Last modified: 2014-10-31 12:54:58 UTC
The bits and upload webrequest partition [1] for 2014-10-30T21/1H have not been marked successful. What happened? [1] _________________________________________________________________ qchris@stat1002 // jobs: 0 // time: 08:12:06 // exit code: 130 cwd: ~ ~/cluster-scripts/dump_webrequest_status.sh +------------------+--------+--------+--------+--------+ | Date | bits | mobile | text | upload | +------------------+--------+--------+--------+--------+ [...] | 2014-10-30T19/1H | . | . | . | . | | 2014-10-30T20/1H | . | . | . | . | | 2014-10-30T21/1H | X | . | . | X | | 2014-10-30T22/1H | . | . | . | . | | 2014-10-30T23/1H | . | . | . | . | [...] +------------------+--------+--------+--------+--------+ Statuses: . --> Partition is ok M --> Partition manually marked ok X --> Partition is not ok (duplicates, missing, or nulls)

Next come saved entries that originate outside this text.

Lemma alpha_neq0 b la :
  (forall h, (h < b)%N -> alpha1 (la - h%:R * eta) != 0) -> alpha b la != 0.
Proof.
case: b => [|b] /= alpha1_neq0; first by rewrite oppr_eq0 oner_eq0.
rewrite mulf_neq0 ?expf_neq0 ?oppr_eq0 ?oner_eq0 //.
by apply/prodf_neq0 => h _; apply: alpha1_neq0.
Qed.

Lemma qsc_recl j la :
  qsc j.+1 la = - (phi la * tfun j.+1 la) - alpha1 la * qsc j (la - eta).
Proof.
rewrite /qsc big_ord_recl mul0r subr0 subn0 [alpha _ la]/= mulN1r mulNr; congr (_ + _).
rewrite -mulNr big_distrr; apply: eq_bigr => b _.
by rewrite lift0 alpha_recl subSS -natr1 mulrDl mul1r opprD addrA [la - _ - _]addrAC /= !mulrA.
Qed.

Lemma qdet_factor la : qdet eta xi K la = (\prod_(c < N) (la + eta - xi c)) *
  (\det K * \prod_(c < N) \prod_(1 <= m < n) (la - xi c - m%:R * eta)).
Proof.
rewrite /qdet big_split /= mulrCA; congr (_ * (_ * _)).
by apply: eq_bigr => c _; rewrite addrAC.
Qed.

Lemma tfun_root m a :
  (m.+2 < n)%N -> tfun m.+2 (xi a + m.+1%:R * eta) = 0.
Proof.
move=> lt_m_n; rewrite /= ltn_eqF // (bigD1 a) //= big_nat_recr //=.
by rewrite addrAC subrr add0r subrr !(mulr0, mul0r).
Qed.

Lemma qsc_at_xi j a : (j.+1 < n)%N ->
  qsc j.+1 (xi a + j%:R * eta) =
  alpha j (xi a + j%:R * eta) * (phi (xi a) * t1 (xi a) - alpha1 (xi a) * phi (xi a - eta)).
Proof.
move=> lt_j_n; have lt_1_n : (1 < n)%N by apply: leq_ltn_trans lt_j_n.
rewrite /qsc !big_ord_recr (alpha_recr j) /= big1 ?add0r => [|b _]; last first.
  have lt_b_j : (b < j)%N := ltn_ord b.
  rewrite (_ : xi a + j%:R * eta - b%:R * eta = xi a + (j - b.+1).+1%:R * eta); last first.
    by rewrite subnSK // natrB 1?ltnW // mulrBl addrA.
  rewrite (_ : (j.+1 - b = (j - b.+1).+2)%N); last by lia.
  by rewrite tfun_root ?mulr0 //; lia.
rewrite !addrK subSnn subnn -natr1 mulrDl mul1r opprD addrA addrK /= ltn_eqF //.
by ring.
Qed.

End QuantumSpectralCurve.

Section SpectralCurveAtInhomogeneities.
Variables (C : numClosedFieldType) (i N : nat) (eta : C) (xi : 'I_N -> C).
Variables (K : 'M[C]_i.+2) (k1 : C) (t1 : C -> C) (lam : seq C).
Local Notation n := i.+2.
Local Notation alpha1 := (alpha1 k1 eta xi).
Local Notation phi := (phi lam).
Local Notation qsc := (qsc eta xi K k1 t1 lam).

Hypothesis xi_generic : forall a b : 'I_N, a != b ->
  forall r : nat, (r < n)%N -> xi a != xi b - r%:R * eta.
Hypotheses (eta_neq0 : eta != 0) (k1_neq0 : k1 != 0).

Lemma alpha1_xi_neq0 a r : (r.+1 < n)%N -> alpha1 (xi a + r%:R * eta) != 0.
Proof.
move=> lt_r_n; rewrite /alpha1 mulf_neq0 //; apply/prodf_neq0 => c _.
have -> : xi a + r%:R * eta + eta - xi c = xi a - (xi c - r.+1%:R * eta).
  by rewrite -natr1; ring.
have [<-|ac] := eqVneq a c.
  by rewrite opprB addrC subrK mulf_neq0 // pnatr_eq0.
by rewrite subr_eq0; apply: xi_generic.
Qed.

Hypothesis t1_poly : polyfun t1.
Hypothesis qsc_eq0 : forall la, qsc n la = 0.

Lemma t1_xi_qsc a : phi (xi a) * t1 (xi a) = alpha1 (xi a) * phi (xi a - eta).
Proof.
(* [G] is the spectral curve divided by [prod_c (la + eta - xi c)]; being polynomial it
   vanishes identically, and at [la = xi a + (n-1) eta] only its [t_1] and [t_0] terms
   survive. *)
pose G la := phi la * (\det K * \prod_(c < N) \prod_(1 <= m < n) (la - xi c - m%:R * eta)) +
              k1 * qsc i.+1 (la - eta).
have G0 : G =1 fun=> 0.
  apply: (polyfun_mul_eq0 (d := fun la => \prod_(c < N) (la + eta - xi c))
                          (p := \prod_(c < N) ('X + (eta - xi c)%:P))) => [|x||x].
  - by apply: monic_neq0; apply: monic_prod => c _; apply: monicXaddC.
  - by rewrite horner_prod; apply: eq_bigr => c _; rewrite hornerD hornerX hornerC addrA.
  - rewrite /G; apply: polyfun_add; first by rewrite /phi; polyfun.
    by apply: polyfun_mul; [polyfun | apply: polyfun_comp; [apply: qsc_polyfun | polyfun]].
  - rewrite -[RHS]oppr0 -(qsc_eq0 x) qsc_recl [tfun _ _ _ _ n]/= eqxx qdet_factor /alpha1 /G.
    by ring.
have qdet_red0 :
    \prod_(c < N) \prod_(1 <= m < n) (xi a + i.+1%:R * eta - xi c - m%:R * eta) = 0.
  by rewrite (bigD1 a) //= big_nat_recr //= addrAC subrr add0r subrr !(mulr0, mul0r).
have alpha_i_neq0 : alpha k1 eta xi i (xi a + i%:R * eta) != 0.
  apply: alpha_neq0 => h lt_h_i.
  rewrite -addrA -mulrBl -natrB 1?ltnW // alpha1_xi_neq0 //; lia.
have := G0 (xi a + i.+1%:R * eta); rewrite /G qdet_red0 !mulr0 add0r.
rewrite -natr1 mulrDl mul1r addrA addrK qsc_at_xi //.
by move/eqP; rewrite !mulf_eq0 (negbTE k1_neq0) (negbTE alpha_i_neq0) subr_eq0 => /eqP.
Qed.

End SpectralCurveAtInhomogeneities.

Lemma prod_subrC (C : comPzRingType) (r : seq C) y :
  \prod_(x <- r) (y - x) = (-1) ^+ size r * \prod_(x <- r) (x - y).
Proof.
elim: r => [|x r IH]; first by rewrite !big_nil mulr1.
by rewrite !big_cons IH /= exprS; ring.
Qed.

Lemma prod_bfun_qsc (C : numClosedFieldType) n N (eta : C) (xi : 'I_N -> C) (lam : seq C)
    (al t : 'I_N -> C) (h : cfg n N) :
  (forall a, phi lam (xi a) * t a = al a * phi lam (xi a - eta)) ->
  (\prod_(x <- lam) bfun eta xi h x) * \prod_a al a ^+ h a =
  (\prod_a (\prod_(x <- lam) (x - xi a)) ^+ n.-1) * \prod_a t a ^+ h a.
Proof.
move=> qsc_xi; rewrite /bfun exchange_big -!big_split /=; apply: eq_bigr => a _.
rewrite big_split /= !prodrXl.
set P := \prod_(x <- lam) (x - xi a); set Q := \prod_(x <- lam) (x - xi a + eta).
have PQ : Q * al a = P * t a.
  have QE : \prod_(x <- lam) (x - (xi a - eta)) = Q.
    by apply: eq_bigr => x _; rewrite opprB addrA addrAC.
  apply: (@mulfI _ ((-1) ^+ size lam)); first by rewrite signr_eq0.
  have := qsc_xi a; rewrite /phi !prod_subrC -/P QE => qsc_xi_a.
  by rewrite [RHS]mulrA qsc_xi_a; ring.
have h_le : (h a <= n.-1)%N by have := ltn_ord (h a); lia.
by rewrite -mulrA -exprMn PQ exprMn mulrA -exprD subnK.
Qed.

For bits, it only affected cp3020. The affected period is 2014-10-30T21:25:41/2014-10-30T21:26:26. No lost messages, only 70660 duplicates, which is <2 seconds worth of data for bits. For bits, it only affected cp3018. The affected period is 2014-10-30T21:25:18/2014-10-30T21:26:10. No lost messages, only 34087 duplicates, which is <2 seconds worth of data for upload. I could not find anything relevant in puppet, nor in SAL. It's again only esams. According to ganglia, kafka.rdkafka.brokers.*.rtt.avg's Max went up during that time on * cp3018 to 6.0M for analytics1018) * cp3020 to 12.6M for analytics1018) But other caches had even higher Max values for that average ( cp3019 had 36.7M for analytics1021 cp3010 had 11.8M for analytics1021 cp3010 had 8.8M for analytics1022 ), but did not show duplicates. According to ganglia, kafka.rdkafka.brokers.*.outbuf_cnt's Max went up during that time on * cp3018 to 334.9 for analytics1022 (not analytics1018! It had 28.4 max for analytics1018) * cp3020 to 720.8 for analytics1018 But cp3019 had 479 for analytics1021 (i.e. a similar Max value), but did not show duplicates.